Now I'm going to create a small function to put the CustomDataset object into the DataLoader torch module. 

In [None]:
from torch.utils.data import DataLoader

MAX_LEN = 16

def df_loader(df, batch_size):
    custom = CustomDataset(df, tokenizer, MAX_LEN)
    test_params = {
        "batch_size": batch_size,
        "shuffle": False,
        "num_workers": 0
        }
    return DataLoader(custom, **test_params)

Next I will create a BertClass that inherits from the torch nerual network module. This class is our model. It is initially instatiated with the weights from BERT and will be fine-tuned over our data.

In [None]:
import transformers

class BERTClass(torch.nn.module):
    def __init__(self):
        super(BERTClass, self).__init__()
        self.l1 = transformers.BertModel.from_pretrained('bert-base-uncased', return_dict=False)
        self.l2 = torch.nn.Dropout(0.3)
        self.l3 = torch.nn.Linear(768, 29)
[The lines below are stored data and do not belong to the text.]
(* Let $b\ge2$ be an integer, $\lambda\in(1/b,1)$, and let $\phi$ be a real analytic $\mathbb{Z}$-periodic function satisfying condition (H). Then there exist $\varepsilon_1>0$ and a positive integer $Q_1$ such that for every $f\in\mathcal{F}_1$: $\sup_{x\in[0,1]}|f'(x)|\ge\varepsilon_1$, and for every $x\in[0,1]$ there exists $k\in\{1,\dots,Q_1\}$ with $|f^{(k)}(x)|\ge\varepsilon_1$.
   Context: $\Sigma=\{0,\dots,b-1\}^{\mathbb{Z}_+}$, $\gamma=1/(b\lambda)$, $Y(x,\mathbf{j})=-\sum_{n\ge1}\gamma^n\phi'\!\left(\frac{x}{b^n}+\frac{j_1}{b^n}+\cdots+\frac{j_n}{b}\right)$, $\Gamma_{\mathbf{j}}(x)=\int_0^xY(t,\mathbf{j})dt$. Condition (H): $Y(\cdot,\mathbf{j})-Y(\cdot,\mathbf{i})\not\equiv0$ for all $\mathbf{i}\ne\mathbf{j}$. For $n\in\mathbb{Z}_+$, $\mathcal{F}_n=\{\Gamma_{\mathbf{u}}-\Gamma_{\mathbf{v}}:\mathbf{u},\mathbf{v}\in\Sigma,\ u_n\ne v_n,\ u_j=v_j\text{ for }1\le j<n\}$. *)

From Stdlib Require Import Reals.
From Coquelicot Require Import Coquelicot.
Open Scope R_scope.

Definition real_analytic (phi : R -> R) : Prop :=
  forall x0 : R, exists (a : nat -> R) (r : R), 0 < r /\
    forall x, Rabs (x - x0) < r -> is_pseries a (x - x0) (phi x).

Definition Z_periodic (phi : R -> R) : Prop := forall x, phi (x + 1) = phi x.

(* Digit sequences: s k encodes j_{k+1}, so Sigma = {0..b-1}^{Z_+}. *)
Definition in_Sigma (b : nat) (s : nat -> nat) : Prop := forall k, (s k < b)%nat.

(* The argument  x/b^n + j_1/b^n + ... + j_n/b  for n = m+1 *)
Definition arg_n (b : nat) (s : nat -> nat) (x : R) (m : nat) : R :=
  x / INR b ^ (S m) + sum_f_R0 (fun k => INR (s k) / INR b ^ (S m - k)) m.

Definition Yfun (b : nat) (lambda : R) (phi : R -> R) (x : R) (s : nat -> nat) : R :=
  - Series (fun m => (/ (INR b * lambda)) ^ (S m) * Derive phi (arg_n b s x m)).

Definition Gammafun (b : nat) (lambda : R) (phi : R -> R) (s : nat -> nat) (x : R) : R :=
  RInt (fun t => Yfun b lambda phi t s) 0 x.

Definition cond_H (b : nat) (lambda : R) (phi : R -> R) : Prop :=
  forall i j : nat -> nat, in_Sigma b i -> in_Sigma b j -> i <> j ->
    exists x, Yfun b lambda phi x j - Yfun b lambda phi x i <> 0.

Definition in_F1 (b : nat) (lambda : R) (phi : R -> R) (f : R -> R) : Prop :=
  exists u v : nat -> nat, in_Sigma b u /\ in_Sigma b v /\ u 0%nat <> v 0%nat /\
    forall x, f x = Gammafun b lambda phi u x - Gammafun b lambda phi v x.

(** Write Y_j = Y(., j) and D_k(j, x) for its k-th x-derivative, so that
  every f = Gamma_u - Gamma_v in F_1 satisfies f^(k+1) = D_k(u,.) - D_k(v,.).
  The theorem is proved by contradiction through a compactness argument.

  - Since phi is analytic and 1-periodic, |phi^(k)| <= A k! L^k on all of R
    (Cauchy estimates near each point, then compactness of [0,1]).
  - Hence D_k(j, x) is given by a geometrically dominated series, is
    differentiable in x with derivative D_(k+1), is bounded by C (k+1)! L^k,
    and is uniformly continuous in (j, x) for the product topology.
  - If no (eps1, Q1) works, there are pairs (u, v, x), u_1 <> v_1, on which
    either D_0(u) - D_0(v) is uniformly 1/m-small on [0,1], or its first m
    derivatives are 1/m-small at x.  Compactness of Sigma x Sigma x [0,1]
    (a Koenig-lemma argument) and continuity yield a limit pair (u, v) for
    which all derivatives of G = Y_u - Y_v vanish at one point.
  - A function whose derivatives satisfy |G^(j)| <= K (j+1)! L^j is
    determined by its jet at one point (Taylor with Lagrange remainder on
    intervals of fixed length), so G = 0, contradicting condition (H). *)

From Stdlib Require Import Reals.
From Coquelicot Require Import Coquelicot.
From Stdlib Require Import Lra Lia ZArith Ranalysis5 ClassicalEpsilon Classical.
Open Scope R_scope.

Lemma locally_of_ball (y eps : R) (P : R -> Prop) : 0 < eps ->
  (forall t, Rabs (t - y) < eps -> P t) -> locally y P.
Proof. intros He H. exists (mkposreal eps He). intros t Ht. apply H. exact Ht. Qed.

Lemma nat_arch (x : R) : exists n : nat, x < INR n.
Proof.
  destruct (archimed x) as [H1 _].
  destruct (Z_le_gt_dec 0 (up x)) as [Hz|Hz].
  - exists (Z.to_nat (up x)). rewrite INR_IZR_INZ, Z2Nat.id; auto.
  - exists 0%nat. assert (Hz2 : (up x < 0)%Z) by lia. apply IZR_lt in Hz2. simpl. lra.
Qed.

Lemma pow_le1 x n : 0 <= x <= 1 -> x ^ n <= 1.
Proof.
  intros Hx. induction n as [|n IH]; simpl; [lra|].
  assert (0 <= x ^ n) by (apply pow_le; lra). nra.
Qed.

Lemma half_pow_mono n m : (n <= m)%nat -> (/2) ^ m <= (/2) ^ n.
Proof.
  intros H. replace m with (n + (m - n))%nat by lia. rewrite pow_add.
  pose proof (pow_le (/2) n ltac:(lra)).
  assert ((/2) ^ (m - n) <= 1) by (apply pow_le1; lra).
  assert (0 <= (/2) ^ (m - n)) by (apply pow_le; lra). nra.
Qed.

Lemma inv_succ_mono m m' : (m <= m')%nat -> / INR (S m') <= / INR (S m).
Proof.
  intros H. apply Rinv_le_contravar; [apply lt_0_INR; lia|]. apply le_INR; lia.
Qed.

(** [n + 2 <= 2^(n+1)]: the linear factor in Taylor remainders is harmless. *)
Lemma two_pow_ge n : INR (S (S n)) <= 2 ^ (S n).
Proof.
  induction n as [|n IH]; [simpl; lra|].
  rewrite S_INR. pose proof (pow_R1_Rle 2 n ltac:(lra)). simpl pow. simpl pow in IH. lra.
Qed.

Lemma zero_of_geom (z c : R) : (forall n, Rabs z <= c * (/2) ^ n) -> z = 0.
Proof.
  intros H. destruct (Req_dec z 0) as [|Hz]; auto. exfalso.
  assert (Hc : 0 <= c) by (specialize (H 0%nat); simpl in H; pose proof (Rabs_pos z); lra).
  assert (Hzp : 0 < Rabs z) by (apply Rabs_pos_lt; auto).
  destruct (pow_lt_1_zero (/2) ltac:(rewrite Rabs_pos_eq; lra) (Rabs z / (c + 1)))
    as [N HN]; [apply Rdiv_lt_0_compat; lra|].
  specialize (HN N (le_n _)). rewrite Rabs_pos_eq in HN by (apply pow_le; lra).
  specialize (H N).
  assert (c * (/2)^N < Rabs z).
  { apply Rle_lt_trans with ((c + 1) * (/2)^N).
    - pose proof (pow_le (/2) N ltac:(lra)). nra.
    - apply (Rmult_lt_reg_r (/ (c + 1))); [apply Rinv_0_lt_compat; lra|].
      replace ((c + 1) * (/ 2) ^ N * / (c + 1)) with ((/2)^N) by (field; lra). exact HN. }
  lra.
Qed.

Lemma zero_of_inv (z : R) m0 : (forall m, (m0 <= m)%nat -> Rabs z <= / INR (S m)) -> z = 0.
Proof.
  intros H. destruct (Req_dec z 0) as [|Hz]; auto. exfalso.
  assert (Hzp : 0 < Rabs z) by (apply Rabs_pos_lt; auto).
  destruct (nat_arch (/ Rabs z)) as [n Hn].
  specialize (H (Nat.max m0 n) ltac:(lia)).
  assert (INR n <= INR (S (Nat.max m0 n))) by (apply le_INR; lia).
  assert (Hlt : / INR (S (Nat.max m0 n)) < Rabs z).
  { replace (Rabs z) with (/ / Rabs z) by (field; lra).
    assert (0 < / Rabs z) by (apply Rinv_0_lt_compat; lra).
    apply Rinv_lt_contravar; [|lra]. apply Rmult_lt_0_compat; lra. }
  lra.
Qed.
(* Suppose units arrive in $K$ sequential groups of sizes $n_1,\dots,n_K$ (each even) with $n_{tk}=n_{ck}=n_k/2$ for $k=1,\dots,K$, and the assignment $W=(W_{[1]},\dots,W_{[K]})$ is generated by sequential pair-switching rerandomization (SeqPSRR), assumed to terminate almost surely in every group. Then the difference-in-means estimator $\widehat\tau=\frac{2}{n}\sum_{i=1}^nW_iY_i(1)-\frac2n\sum_{i=1}^n(1-W_i)Y_i(0)$, $n=\sum_kn_k$, satisfies $E(\widehat\tau)=\tau=n^{-1}\sum_{i=1}^n\{Y_i(1)-Y_i(0)\}$.
   Context: Units are indexed so that group $k$ consists of units $n_{1:(k-1)}+1,\dots,n_{1:k}$, where $n_{1:k}=\sum_{l\le k}n_l$; $W_{[k]}$ is the assignment sub-vector of group $k$, with $n_{tk}$ treated and $n_{ck}$ controls. Covariates $X_i\in\mathbb R^p$ are fixed; $S_{XX[k]}$ is the (assumed invertible) sample covariance of the covariates of the first $k$ groups. With earlier groups' assignments fixed, the cumulative Mahalanobis distance of a group-$k$ assignment is $M_k(W_{[k]})=n_{t,1:k}(1-n_{t,1:k}/n_{1:k})(\overline X_{t[1:k]}-\overline X_{c[1:k]})^{\mathrm T}S_{XX[k]}^{-1}(\overline X_{t[1:k]}-\overline X_{c[1:k]})$, where $n_{t,1:k}=\sum_{l\le k}n_{tl}$ and $\overline X_{t[1:k]}$, $\overline X_{c[1:k]}$ are covariate means of treated/control units among the first $k$ groups. SeqPSRR (inputs: positive numbers $s_1,\dots,s_K$, tuning parameter $\gamma\ge0$): set $M_{[0]}=0$; for $k=1,\dots,K$: set $a_k=n_k(n_{1:k})^{-1}q_k$, where $q_k$ is the lower $1/s_k$ quantile of a noncentral chi-square distribution with $p$ degrees of freedom and noncentrality parameter $n_{1:(k-1)}n_k^{-1}M_{[k-1]}$; draw $W^{(0)}_{[k]}$ uniformly among group-$k$ assignments with $n_{tk}$ ones; while $M_k(W^{(t)}_{[k]})>a_k$, swap a uniformly chosen treated and a uniformly chosen control unit of group $k$ to get $W^*_{[k]}$ and move to it with probability $\min\{(M_k(W^{(t)}_{[k]})/M_k(W^*_{[k]}))^\gamma,1\}$ (otherwise retry); output the final $W_{[k]}$ and set $M_{[k]}=M_k(W_{[k]})$. *)

From HB Require Import structures.
From mathcomp Require Import all_boot all_order all_algebra.
From mathcomp Require Import all_classical all_reals all_analysis.
Set Implicit Arguments. Unset Strict Implicit. Unset Printing Implicit Defensive.
Import Order.TTheory GRing.Theory Num.Theory.
Import numFieldNormedType.Exports.
Local Open Scope classical_set_scope.
Local Open Scope ring_scope.
Lemma incrZ_segment a x i j : incrZ a -> a i <= x -> x < a j -> exists k, a k <= x < a (k + 1)%Z.
Proof.
  intros Ha Hi Hj.
  assert (Hij : (i < j)%Z) by (apply Z.nle_gt; intro Hji; pose proof (incrZ_le a Ha j i Hji); lra).
  replace j with (i + Z.of_nat (Z.to_nat (j - i)))%Z in Hj by lia.
  revert Hj; generalize (Z.to_nat (j - i)) as n; intros n Hj; clear Hij.
  revert i Hi Hj; induction n as [|n IH]; intros i Hi Hj.
  { replace (i + Z.of_nat 0)%Z with i in Hj by lia; lra. }
  destruct (Rlt_dec x (a (i + 1)%Z)); [exists i; lra|].
  apply (IH (i + 1)%Z); [lra | now replace (i + 1 + Z.of_nat n)%Z with (i + Z.of_nat (S n))%Z by lia].
Qed.

Definition extendZ (c : nat -> R) (k : Z) : R :=
  if (k <=? 0)%Z then c 0%nat + IZR k else c (Z.to_nat k).

Lemma extendZ_nonpos c k : (k <= 0)%Z -> extendZ c k = c 0%nat + IZR k.
Proof. intro Hk; unfold extendZ; destruct (Z.leb_spec k 0); [auto | lia]. Qed.

Lemma extendZ_of_nat c n : extendZ c (Z.of_nat n) = c n.
Proof.
  unfold extendZ; destruct (Z.leb_spec (Z.of_nat n) 0).
  - replace n with 0%nat by lia; simpl; ring.
  - now rewrite Nat2Z.id.
Qed.

Lemma is_rational_extendZ c : (forall n, is_rational (c n)) -> forall k, is_rational (extendZ c k).
Proof.
  intros Hc k; unfold extendZ; destruct (k <=? 0)%Z; auto.
  apply is_rational_plus; [auto | apply is_rational_IZR].
Qed.

Lemma incrZ_extendZ c : (forall n, c n < c (S n)) -> incrZ (extendZ c).
Proof.
  intros Hc k; destruct (Z_lt_le_dec k 0).
  - rewrite !extendZ_nonpos, plus_IZR by lia; simpl; lra.
  - replace k with (Z.of_nat (Z.to_nat k)) by lia.
    replace (Z.of_nat (Z.to_nat k) + 1)%Z with (Z.of_nat (S (Z.to_nat k))) by lia.
    rewrite !extendZ_of_nat; auto.
Qed.

Lemma extendZ_segment c L : (forall n, c n < c (S n)) -> (forall x, x < L -> exists n, x < c n) ->
  forall x, x < L -> exists k, extendZ c k <= x < extendZ c (k + 1)%Z.
Proof.
  intros Hc HL x Hx; destruct (HL x Hx) as [n Hn].
  apply incrZ_segment with (Z.min 0 (- up (c 0%nat - x))) (Z.of_nat n);
    [now apply incrZ_extendZ | | now rewrite extendZ_of_nat].
  destruct (archimed (c 0%nat - x)) as [Hup _].
  rewrite extendZ_nonpos by lia.
  pose proof (IZR_le _ _ (Z.le_min_r 0 (- up (c 0%nat - x)))) as Hmin; rewrite opp_IZR in Hmin; lra.
Qed.

Section RationalGrid.

Variables (L : R) (d : nat -> R).
Hypothesis d_pos : forall n, 0 < d n.
Hypothesis d_S : forall n, d (S n) <= d n / 4.
Hypothesis d_small : forall e, 0 < e -> exists n, d n < e.

Definition rat_approx (n : nat) : R :=
  epsilon (inhabits 0) (fun r => is_rational r /\ L - d n < r < L - d n / 2).

Lemma rat_approx_spec n : is_rational (rat_approx n) /\ L - d n < rat_approx n < L - d n / 2.
Proof. unfold rat_approx; apply epsilon_spec, rational_between; pose proof (d_pos n); lra. Qed.

Lemma rat_approx_gap n : d (S n) < rat_approx (S n) - rat_approx n < d n.
Proof.
  pose proof (rat_approx_spec n); pose proof (rat_approx_spec (S n)).
  pose proof (d_pos (S n)); pose proof (d_S n); lra.
Qed.

Definition grid : Z -> R := extendZ rat_approx.

Lemma incrZ_grid : incrZ grid.
Proof.
  apply incrZ_extendZ; intro n; pose proof (rat_approx_gap n); pose proof (d_pos (S n)); lra.
Qed.

Lemma grid_of_nat n : grid (Z.of_nat n) = rat_approx n.
Proof. apply extendZ_of_nat. Qed.

Lemma is_rational_grid k : is_rational (grid k).
Proof. apply is_rational_extendZ; intro n; apply rat_approx_spec. Qed.

Lemma grid_lt k : grid k < L.
Proof.
  destruct (Z_lt_le_dec 0 k).
  - replace k with (Z.of_nat (Z.to_nat k)) by lia; rewrite grid_of_nat.
    pose proof (rat_approx_spec (Z.to_nat k)); pose proof (d_pos (Z.to_nat k)); lra.
  - unfold grid; rewrite extendZ_nonpos by auto.
    pose proof (rat_approx_spec 0); pose proof (d_pos 0); pose proof (IZR_le _ _ l); lra.
Qed.

Lemma grid_segment x : x < L -> exists k, grid k <= x < grid (k + 1)%Z.
Proof.
  apply (extendZ_segment rat_approx L).
  - intro n; pose proof (rat_approx_gap n); pose proof (d_pos (S n)); lra.
  - intros y Hy; destruct (d_small (L - y)) as [n Hn]; [lra|].
    exists n; pose proof (rat_approx_spec n); lra.
Qed.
    def forward(self, ids, mask, token_type_ids):
        _, output_1 = self.l1(ids, attention_mask=mask, token_type_ids=token_type_ids)
        output_2 = self.l2(output_1)
        output = self.l3(output_2)
        return output

Next I will create a simple loss function using BCE (binary cross-entory) with Logits Loss from torch. I have added positive weights to encourage the model to select a category.

In [None]:
def loss_fn(outputs, targets):
    pos_weight = torch.full([29], 5)
    return torch.nn.BCEWithLogitsLoss(pos_weight=pos_weight)(outputs, targets)

In [None]:
import shutil

def load_ckp(checkpoint_fpath, model, optimizer):
    checkpoint = torch.load(checkpoint_fpath)
    model.load_state_dict(checkpoint["state_dict"])
    optimizer.load_state_dict(checkpoint["optimizer"])
    valid_loss_min = checkpoint["valid_loss_min"]
    return model, optimizer, checkpoint["epoch"], valid_loss_min

def save_ckp(state, is_best, checkpoint_path, best_model_path):
    torch.save(state, checkpoint_path)
    if is_best:
        shutil.copyfile(checkpoint_path, best_model_path)

# Part 5: Training

Setting the device object for using in torch training.

In [None]:
if torch.cuda.is_available(): # check for CUDA gpu
    device = torch.device("cuda")
elif torch.backends.mps.is_available(): # Check for Apple M1/M2 chip
    device = torch.device("mps")
else:
    device = torch.device("cpu") # Otherwise just use CPU

In [None]:
def train_model(
        start_epochs,
        n_epochs,
        valid_loss_min_input,
        training_loader,
        validation_loader,
        model,
        optimizer,
        checkpoint_path,
        best_model_path
):
    # Initiialize valid loss minimum at input.
    valid_loss_min = valid_loss_min_input

    for epoch in range(start_epochs, n_epochs):
        train_loss = 0
        valid_loss = 0
        # Put model in training mode.
        model.train()

        print(f" -- Epoch {epoch}: Training Start -- ")
        
        for batch_idx, data in enumerate(training_loader):
            # Save batch info to device
            ids = data["ids"].to(device, dtype=torch.long)
            mask = data["mask"].to(device, dtype=torch.long)
            token_type_ids = data["token_type_ids"].to(device, dtype=torch.long)
            targets = data["targets"].to(device, dtype=torch.float)
            # Run prediction on model for batch
            outputs = model(ids, mask, token_type_ids)
            optimizer.zero_grad()
            # Evaluate loss
            loss = loss_fn(outputs, targets)
            
            if batch_idx%5000 == 0:
                print(f"Epoch: {epoch}, Training Loss: {loss.item()}")

            optimizer.zero_grad()
            loss.backward()
            optimizer.step()
            train_loss += (1 / (batch_idx + 1))*(loss.item() - train_loss)
        
        print(f" -- Epoch {epoch}: Training End -- ")

        print(f" -- Epoch {epoch}: Validation Start -- ")

        model.eval()

        with torch.no_grad():
            val_targets = []
            val_outputs = []
            for batch_idx, data in enumerate(training_loader):
                # Save batch info to device
                ids = data["ids"].to(device, dtype=torch.long)
                mask = data["mask"].to(device, dtype=torch.long)
                token_type_ids = data["token_type_ids"].to(device, dtype=torch.long)
                targets = data["targets"].to(device, dtype=torch.float)
                # Evalutate model on batch
                outputs = model(ids, mask, token_type_ids)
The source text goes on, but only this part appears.